Step 2: Generate an API key
Inside the Z.ai dashboard, open API Keys → Create new key. Scope it to “Coding Plan” only — Z.ai exposes other paid endpoints (general chat, vision) that share your wallet but should not share the same key.
export ZAI_API_KEY="zai-..."
Expected result: a key starting with zai-. Drop it into your shell’s secrets file or 1Password — Z.ai shows the full key exactly once.
Step 3: Configure your coding CLI
Z.ai exposes two compat endpoints, and you pick the one that matches your client. Claude Code talks the Anthropic protocol; the other seven launch-day clients (Cline, OpenCode, Roo Code, Goose, Crush, OpenClaw, Kilo Code) speak the OpenAI chat-completions shape.
For Claude Code (Anthropic-compatible endpoint) — the minimal config is the shell-env or ~/.claude/settings.json env block covered in the Drop-in Replacement for Claude Code section below. That section also lists what carries over (CLAUDE.md, slash commands, subagents) and what changes (thinking presets, tool-result bridging) before you commit — read it before pasting the block.
For OpenAI-compatible clients (Cline, OpenCode, Roo Code, Goose, Crush, OpenClaw, Kilo Code)
export OPENAI_BASE_URL="https://api.z.ai/api/coding/paas/v4"

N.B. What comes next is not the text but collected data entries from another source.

Lemma tr_proc_probe k (ts tr : seq (lsym k)) j :
  tr_proc ts tr (probe j) = zip [:: ts; tr; ts; tr] [:: j == 0; j == 1; j == 2; j == 3].
Proof.
have tr_mark b : tr_sub ts tr (mark b) = ([::], b) by case: b.
by rewrite /tr_proc /= !tr_mark /= !cats0.
Qed.

Theorem proposition4p2 (k : nat) (IS : store k) (ts tr : seq (lsym k)) :
  2 <= k ->
  correct_translation IS ts tr ->
  forall i : 'I_k,
    countP i ts + countP i tr <= countT i ts + countT i tr.
Proof.
move=> _ correct i; set W := [:: ts; tr; ts; tr].
have drain j s : j < 4 -> wreach (W, IS) s ->
    exists2 s', wreach s s' & nth [::] s'.1 j = [::].
  move=> lt_j4; apply: (must_lock_drain (fs := [:: j == 0; j == 1; j == 2; j == 3])) => //.
    by rewrite /W -tr_proc_probe; apply/(correct _).2/probe_must.
  by case=> [|[|[|[|n]]]] /=; [move/eqP.. | rewrite nth_nil].
have [[ws C] reach drained] := wreach_drain drain.
have nil_ws : flatten ws = [::].
  by apply: flatten_nth_nil => j; rewrite (wreach_size reach); apply: drained.
have := wreach_balance i reach; rewrite /= nil_ws !countP_cat !countT_cat /=.
have := leq_b1 (C i); lia.
Qed.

export OPENAI_API_KEY="$ZAI_API_KEY"
export OPENAI_MODEL="glm-5.2" # or "glm-5.2[1m]" for the 1M context window
Re-launch your CLI in the same shell and the new endpoint takes over. For clients that don’t read the OpenAI env vars, open the tool’s settings panel, pick “OpenAI Compatible” provider, and paste the same three values. Note that the Coding Plan uses a dedicated endpoint (/api/coding/paas/v4) distinct from Z.ai’s general per-token API (/api/paas/v4).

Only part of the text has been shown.